• [Work item]:
Take the line containing "- apply (continuity_2d_pt_ext_loc utr);" and every line after it to the end of the data, and write them out exactly as they appear.

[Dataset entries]
+---+

(* If $\tau$ is a legal tree-like abstract path or a good tree-like abstract path, then $w(\tau)=1+G(\tau)+B_s(\tau)$.
   Context: $\mathbb F=\{0,1\}$, $\mathbb N=\{0,1,2,\dots\}$. Abstract vertex types: $o$ (interior), $u$ (unstable), $s$ (stable). An abstract edge is $\varepsilon=(\mu,(o_1,u_1,s_1),(o_2,u_2,s_2))\in\mathbb F\times\mathbb N^3\times\mathbb N^3$ with: if $\mu=0$ then $s_1=u_2=0$; if $\mu=1$ then $o_1=o_2=0$ (interior if $\mu=0$, boundary if $\mu=1$). Weight: $w(\varepsilon)=1$ if $\mu=0$, $2-s_1-u_2$ if $\mu=1$. An abstract path $\tau=(T,\tau,\sigma)$: a non-empty finite directed tree $T=(V,E)$ (nodes; arrows, or breaks), $\tau:V\to$ abstract edges, $\sigma:E\to\{o,u,s\}$, such that for each node $v$ and type $X$, $X_1(v)\ge|\{e:t(e)=v,\sigma(e)=X\}|$ and $X_2(v)\ge|\{e:s(e)=v,\sigma(e)=X\}|$, with $X_i(v)$ the entries of $\tau(v)$. Ends: $X_1(\tau)=\sum_vX_1(v)-|\sigma^{-1}(X)|$, $X_2(\tau)=\sum_vX_2(v)-|\sigma^{-1}(X)|$. Weight $w(\tau)=\sum_vw(\tau(v))$. $\tau$ is legal if $s_1(\tau)=u_2(\tau)=0$; tree-like if $o_2(v)+u_2(v)+s_2(v)=1$ for every node $v$; good if all its ends are interior or unstable, i.e. $s_1(\tau)=s_2(\tau)=0$. A break $e$ is good if $\sigma(e)\in\{o,u\}$; $G(\tau)=|\sigma^{-1}(o)|+|\sigma^{-1}(u)|$ is the number of good breaks. $B_s(\tau)=|\{v\in V:\mu(v)=1,\ s_2(v)=1\}|$. *)

From HB Require Import structures.
From mathcomp Require Import all_boot all_order all_algebra.
Set Implicit Arguments. Unset Strict Implicit. Unset Printing Implicit Defensive.
Import GRing.Theory Num.Theory.

(* Abstract vertex types o (interior), u (unstable), s (stable). *)
Inductive vtype := To | Tu | Ts.

Definition vtype_eqb (a b : vtype) : bool :=
  match a, b with To, To | Tu, Tu | Ts, Ts => true | _, _ => false end.
Lemma vtype_eqP : Equality.axiom vtype_eqb.
Proof. by case; case; constructor. Qed.
HB.instance Definition _ := hasDecEq.Build vtype vtype_eqP.

(* Data of an abstract edge (mu,(o1,u1,s1),(o2,u2,s2)); mu = true means mu = 1. *)
Record aedge := AEdge {
  mu : bool;
  o1 : nat; u1 : nat; s1 : nat;
  o2 : nat; u2 : nat; s2 : nat }.

Definition aedge_valid (x : aedge) : Prop :=
  (mu x = false -> s1 x = 0%N /\ u2 x = 0%N) /\
  (mu x = true -> o1 x = 0%N /\ o2 x = 0%N).

Definition aedge_weight (x : aedge) : int :=
  (if mu x then 2%:Z - (s1 x)%:Z - (u2 x)%:Z else 1)%R.

Definition end1 (X : vtype) (x : aedge) : nat :=
  match X with To => o1 x | Tu => u1 x | Ts => s1 x end.
Definition end2 (X : vtype) (x : aedge) : nat :=
  match X with To => o2 x | Tu => u2 x | Ts => s2 x end.

Section AbstractPath.
Variables (V E : finType) (src tgt : E -> V) (tau : V -> aedge) (sigma : E -> vtype).

Definition adj : rel V :=
  fun x y => [exists e, ((src e == x) && (tgt e == y)) || ((src e == y) && (tgt e == x))].

Definition is_directed_tree : Prop :=
  (0 < #|V|)%N /\ (forall x y : V, connect adj x y) /\ (#|E|.+1 = #|V|)%N.

Definition is_abstract_path : Prop :=
  is_directed_tree /\
  (forall v, aedge_valid (tau v)) /\
  (forall v X, #|[pred e | (tgt e == v) && (sigma e == X)]| <= end1 X (tau v))%N /\
  (forall v X, #|[pred e | (src e == v) && (sigma e == X)]| <= end2 X (tau v))%N.

Definition nbreaks (X : vtype) : nat := #|[pred e | sigma e == X]|.

Definition pend1 (X : vtype) : int := ((\sum_v end1 X (tau v))%N%:Z - (nbreaks X)%:Z)%R.
Definition pend2 (X : vtype) : int := ((\sum_v end2 X (tau v))%N%:Z - (nbreaks X)%:Z)%R.

Definition path_weight : int := (\sum_v aedge_weight (tau v))%R.

Definition is_legal : Prop := pend1 Ts = 0 /\ pend2 Tu = 0.
Definition is_good : Prop := pend1 Ts = 0 /\ pend2 Ts = 0.
Definition is_tree_like : Prop := forall v, (o2 (tau v) + u2 (tau v) + s2 (tau v) = 1)%N.

Definition good_breaks : nat := (nbreaks To + nbreaks Tu)%N.

Definition Bs : nat := #|[pred v | mu (tau v) && (s2 (tau v) == 1%N)]|.

End AbstractPath.

From HB Require Import structures.
From mathcomp Require Import all_boot all_order all_algebra.
From mathcomp Require Import zify.
Set Implicit Arguments. Unset Strict Implicit. Unset Printing Implicit Defensive.
Import GRing.Theory Num.Theory.
Local Open Scope ring_scope.

(* Tree-likeness forces exactly one outgoing end per node, so the weight of
   each node is [1 - s1], plus a correction [1] for boundary nodes whose
   outgoing end is stable.  Summing over the nodes gives
   [w = |V| + B_s - sum s1]; in a legal or good path the incoming stable ends
   are all used up by breaks, and [|V| = |E| + 1] counts the breaks of each
   type once, leaving [1 + G + B_s]. *)

Lemma aedge_weight_tree_like (x : aedge) :
  aedge_valid x -> (o2 x + u2 x + s2 x = 1)%N ->
  aedge_weight x = 1 + (mu x && (s2 x == 1%N) : nat)%:Z - (s1 x)%:Z.
Proof.
rewrite /aedge_weight /aedge_valid.
case: x => [[] a b c d e f] /= [interior boundary] one_out.
- have [_ d0] := boundary erefl.
  by case: f one_out => [|[|f]] /=; lia.
- by have [c0 e0] := interior erefl; lia.
Qed.

Lemma card_predE (T : finType) (P : pred T) :
  #|[pred x | P x]| = (\sum_(x : T) (P x : nat))%N.
Proof.
by rewrite -sum1_card big_mkcond; apply: eq_bigr => x _; rewrite inE; case: (P x).
Qed.

Lemma int_sum_nat (I : finType) (F : I -> nat) :
  \sum_i (F i)%:Z = (\sum_i F i)%N%:Z.
Proof. by rewrite (big_morph Posz PoszD (erefl 0%:Z)). Qed.

Section AbstractPath.
Variables (V E : finType) (tau : V -> aedge) (sigma : E -> vtype).

Lemma nbreaks_partition :
  (nbreaks sigma To + nbreaks sigma Tu + nbreaks sigma Ts)%N = #|E|.
Proof.
rewrite /nbreaks !card_predE -!big_split.
by apply: eq_bigr => e _ /=; case: (sigma e).
Qed.

Lemma pend1_eq0 (X : vtype) :
  pend1 tau sigma X = 0 -> (\sum_v end1 X (tau v))%N = nbreaks sigma X.
Proof. by move/eqP; rewrite subr_eq0 => /eqP []. Qed.

Lemma path_weight_tree_like :
  (forall v, aedge_valid (tau v)) -> is_tree_like tau ->
  path_weight tau = #|V|%:Z + (Bs tau)%:Z - (\sum_v s1 (tau v))%N%:Z.
Proof.
move=> valid tree_like; rewrite /path_weight.
rewrite (eq_bigr _ (fun v _ => aedge_weight_tree_like (valid v) (tree_like v))).
by rewrite !big_split sumrN /= sumr_const !int_sum_nat /Bs card_predE natz.
Qed.

End AbstractPath.

Theorem corollary3p15 (V E : finType) (src tgt : E -> V)
    (tau : V -> aedge) (sigma : E -> vtype) :
  is_abstract_path src tgt tau sigma ->
  is_tree_like tau ->
  (is_legal tau sigma \/ is_good tau sigma) ->
  path_weight tau = 1 + (good_breaks sigma)%:Z + (Bs tau)%:Z.
Proof.
move=> [[_ [_ card_V]] [valid _]] tree_like legal_or_good.
have stable_in : pend1 tau sigma Ts = 0 by case: legal_or_good => -[].
rewrite path_weight_tree_like // (pend1_eq0 stable_in).
rewrite -card_V -(nbreaks_partition sigma) /good_breaks; lia.
Qed.
(* Let $u$ be a smooth solution of the equivariant Skyrme equation in $\Omega$ with $u(t,0)=0$. Then \[ \lim_{T\to0^+}\int_0^T\frac{\sin^2u(T,r)}{2r^2}\,r\,dr=0. \]
   Context: Fix $\alpha>0$, $T_0>0$. The equivariant Skyrme equation is \[ \Big(1+\tfrac{\alpha^2\sin^2u}{r^2}\Big)(u_{tt}-u_{rr}) - \Big(1-\tfrac{\alpha^2\sin^2u}{r^2}\Big)\tfrac{u_r}{r} + \tfrac{\sin 2u}{2r^2}\big[\alpha^2(u_t^2-u_r^2)+1\big]=0. \] $\Omega=\{(t,r):0<t\le T_0,\ 0\le r\le t\}$; a smooth solution in $\Omega$ is a smooth function on $\Omega$ satisfying the equation for $r>0$. *)

From Stdlib Require Import Reals Lra.
Open Scope R_scope.

Definition in_Omega (T0 t r : R) : Prop := 0 < t <= T0 /\ 0 <= r <= t.

Definition open2 (U : R -> R -> Prop) : Prop :=
  forall t r, U t r -> exists e, 0 < e /\
    forall t' r', Rabs (t' - t) < e -> Rabs (r' - r) < e -> U t' r'.

Definition cont2_on (U : R -> R -> Prop) (f : R -> R -> R) : Prop :=
  forall t r, U t r -> forall eps, 0 < eps -> exists d, 0 < d /\
    forall t' r', Rabs (t' - t) < d -> Rabs (r' - r) < d ->
      Rabs (f t' r' - f t r) < eps.

Definition dt_on (U : R -> R -> Prop) (f g : R -> R -> R) : Prop :=
  forall t r, U t r -> derivable_pt_lim (fun s => f s r) t (g t r).
Definition dr_on (U : R -> R -> Prop) (f g : R -> R -> R) : Prop :=
  forall t r, U t r -> derivable_pt_lim (fun s => f t s) r (g t r).

Fixpoint Ck (k : nat) (U : R -> R -> Prop) (f : R -> R -> R) : Prop :=
  match k with
  | O => cont2_on U f
  | S k => cont2_on U f /\ exists ft fr : R -> R -> R,
            dt_on U f ft /\ dr_on U f fr /\ Ck k U ft /\ Ck k U fr
  end.

Definition smooth_on (U : R -> R -> Prop) (f : R -> R -> R) : Prop :=
  forall k, Ck k U f.

Definition skyrme_eq (alpha : R) (u ut ur utt urr : R -> R -> R) (t r : R) : Prop :=
  (1 + alpha ^ 2 * (sin (u t r)) ^ 2 / r ^ 2) * (utt t r - urr t r)
  - (1 - alpha ^ 2 * (sin (u t r)) ^ 2 / r ^ 2) * (ur t r / r)
  + sin (2 * u t r) / (2 * r ^ 2) * (alpha ^ 2 * ((ut t r) ^ 2 - (ur t r) ^ 2) + 1) = 0.

Definition energy_density (u : R -> R -> R) (T : R) : R -> R :=
  fun r => (sin (u T r)) ^ 2 / (2 * r ^ 2) * r.

From Stdlib Require Import Reals Lra Psatz Classical ClassicalEpsilon.
From Coquelicot Require Import Coquelicot.
Open Scope R_scope.

(* Proof idea (energy method in the backward light cone).
   For a C^2 solution, the energy density (times r)
     e = (r + a^2 sin^2 u / r)(u_t^2 + u_r^2)/2 + sin^2 u / (2 r)
   satisfies the local conservation law [e_t = flux_r] with flux [(r + a^2 sin^2 u/r) u_t u_r].
   Integrating over the truncated cone [e <= r <= tau], the flux leaving through the light
   cone [r = tau] has the good sign and the flux through the small circle [r = e] is O(e),
   because [u(t,0) = 0] makes [sin u = O(r)].  Hence the energy at time T is bounded by
   the energy at time T0, uniformly in T.  Since [2 sin u cos u u_r <= (2 r / a^2) e + x/r]
   pointwise, integrating along a radius gives [sin^2 u(T, r) <= K r], so the integrand
   [sin^2 u / (2 r)] is bounded by [K/2] and its integral over [0, T] is O(T). *)

(** * Two-variable calculus on an open set *)

Lemma cont2_on_pt U f t r : cont2_on U f -> U t r -> continuity_2d_pt f t r.
Proof.
  intros Hf Hu eps. destruct (Hf t r Hu eps (cond_pos eps)) as [d [dp Hd]].
  exists (mkposreal d dp). intros t' r' Ht Hr. now apply Hd.
Qed.

Lemma continuity_pt_of_continuous f x : continuous f x -> continuity_pt f x.
Proof. apply continuity_pt_filterlim. Qed.

Lemma continuity_2d_pt_snd f t r : continuity_2d_pt f t r -> continuous (fun z => f t z) r.
Proof.
  intros Hf. apply filterlim_locally. intros eps. destruct (Hf eps) as [d Hd].
  exists d. intros z Hz. apply Hd; [rewrite Rminus_diag, Rabs_R0; apply cond_pos | exact Hz].
Qed.

Lemma is_derive_dt U f g t r : dt_on U f g -> U t r -> is_derive (fun z => f z r) t (g t r).
Proof. intros H Hu. apply is_derive_Reals. now apply H. Qed.

Lemma is_derive_dr U f g t r : dr_on U f g -> U t r -> is_derive (fun z => f t z) r (g t r).
Proof. intros H Hu. apply is_derive_Reals. now apply H. Qed.

Lemma open2_locally_2d U (P : R -> R -> Prop) t r : open2 U -> U t r ->
  (forall t' r', U t' r' -> P t' r') -> locally_2d P t r.
Proof.
  intros HO Hu HP. destruct (HO t r Hu) as [e [ep He]].
  exists (mkposreal e ep). intros t' r' Ht Hr. now apply HP, He.
Qed.

Lemma open2_locally_t U (P : R -> R -> Prop) t r : open2 U -> U t r ->
  (forall t' r', U t' r' -> P t' r') -> locally t (fun z => P z r).
Proof.
  intros HO Hu HP. destruct (HO t r Hu) as [e [ep He]].
  exists (mkposreal e ep). intros z Hz. apply HP, He; [exact Hz | rewrite Rminus_diag, Rabs_R0; exact ep].
Qed.

Lemma open2_locally_r U (P : R -> R -> Prop) t r : open2 U -> U t r ->
  (forall t' r', U t' r' -> P t' r') -> locally r (fun z => P t z).
Proof.
  intros HO Hu HP. destruct (HO t r Hu) as [e [ep He]].
  exists (mkposreal e ep). intros z Hz. apply HP, He; [rewrite Rminus_diag, Rabs_R0; exact ep | exact Hz].
Qed.

Lemma cont2_on_ext U f g : open2 U -> (forall t r, U t r -> f t r = g t r) ->
  cont2_on U f -> cont2_on U g.
Proof.
  intros HO Hfg Hf t r Hu eps heps.
  destruct (HO t r Hu) as [e [ep He]]. destruct (Hf t r Hu eps heps) as [d [dp Hd]].
  exists (Rmin d e). split; [now apply Rmin_pos|]. intros t' r' Ht Hr.
  assert (Ht1 := Rlt_le_trans _ _ _ Ht (Rmin_l d e)). assert (Ht2 := Rlt_le_trans _ _ _ Ht (Rmin_r d e)).
  assert (Hr1 := Rlt_le_trans _ _ _ Hr (Rmin_l d e)). assert (Hr2 := Rlt_le_trans _ _ _ Hr (Rmin_r d e)).
  rewrite <- (Hfg t r Hu), <- (Hfg t' r' (He t' r' Ht2 Hr2)). now apply Hd.
Qed.

Lemma dt_on_ext U f g h : open2 U -> (forall t r, U t r -> f t r = g t r) ->
  dt_on U f h -> dt_on U g h.
Proof.
  intros HO Hfg Hf t r Hu. apply is_derive_Reals.
  apply (is_derive_ext_loc (fun z => f z r)); [|now apply is_derive_dt with U].
  now apply (open2_locally_t U (fun z s => f z s = g z s)).
Qed.

Lemma dr_on_ext U f g h : open2 U -> (forall t r, U t r -> f t r = g t r) ->
  dr_on U f h -> dr_on U g h.
Proof.
  intros HO Hfg Hf t r Hu. apply is_derive_Reals.
  apply (is_derive_ext_loc (fun z => f t z)); [|now apply is_derive_dr with U].
  now apply (open2_locally_r U (fun z s => f z s = g z s)).
Qed.

Lemma mixed_partials_commute U u ut ur utr urt t r : open2 U ->
  dt_on U u ut -> dr_on U u ur -> dr_on U ut utr -> dt_on U ur urt ->
  cont2_on U utr -> cont2_on U urt -> U t r -> utr t r = urt t r.
Proof.
  intros HO Dut Dur Dutr Durt Cutr Curt Hu.
  assert (Eur : forall t' r', U t' r' -> Derive (fun s => u t' s) r' = ur t' r')
    by (intros; apply is_derive_unique; now apply is_derive_dr with U).
  assert (Eut : forall t' r', U t' r' -> Derive (fun s => u s r') t' = ut t' r')
    by (intros; apply is_derive_unique; now apply is_derive_dt with U).
  assert (Drt : forall t' r', U t' r' ->
    is_derive (fun z => Derive (fun s => u z s) r') t' (urt t' r')).
  { intros t' r' Hu'. apply (is_derive_ext_loc (fun z => ur z r')); [|now apply is_derive_dt with U].
    apply (open2_locally_t U (fun z s => ur z s = Derive (fun s' => u z s') s)); auto.
    intros; symmetry; now apply Eur. }
  assert (Dtr : forall t' r', U t' r' ->
    is_derive (fun z => Derive (fun s => u s z) t') r' (utr t' r')).
  { intros t' r' Hu'. apply (is_derive_ext_loc (fun z => ut t' z)); [|now apply is_derive_dr with U].
    apply (open2_locally_r U (fun z s => ut z s = Derive (fun s' => u s' s) z)); auto.
    intros; symmetry; now apply Eut. }
  rewrite <- (is_derive_unique _ _ _ (Drt t r Hu)), <- (is_derive_unique _ _ _ (Dtr t r Hu)).
  symmetry. apply Schwarz.
  - apply (open2_locally_2d U); auto. intros t' r' Hu'.
    split; [|split; [|split]]; eexists.
    + exact (is_derive_dt U _ _ _ _ Dut Hu').
    + exact (is_derive_dr U _ _ _ _ Dur Hu').
    + now apply Drt.
    + now apply Dtr.
  - apply (continuity_2d_pt_ext_loc urt); [|now apply cont2_on_pt with U].
    apply (open2_locally_2d U); auto. intros t' r' Hu'. symmetry. now apply is_derive_unique, Drt.
  - apply (continuity_2d_pt_ext_loc utr); [|now apply cont2_on_pt with U].
    apply (open2_locally_2d U); auto. intros t' r' Hu'. symmetry. now apply is_derive_unique, Dtr.
Qed.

+---+

• [Reply]:
  - apply (continuity_2d_pt_ext_loc utr); [|now apply cont2_on_pt with U].
    apply (open2_locally_2d U); auto. intros t' r' Hu'. symmetry. now apply is_derive_unique, Dtr.
Qed.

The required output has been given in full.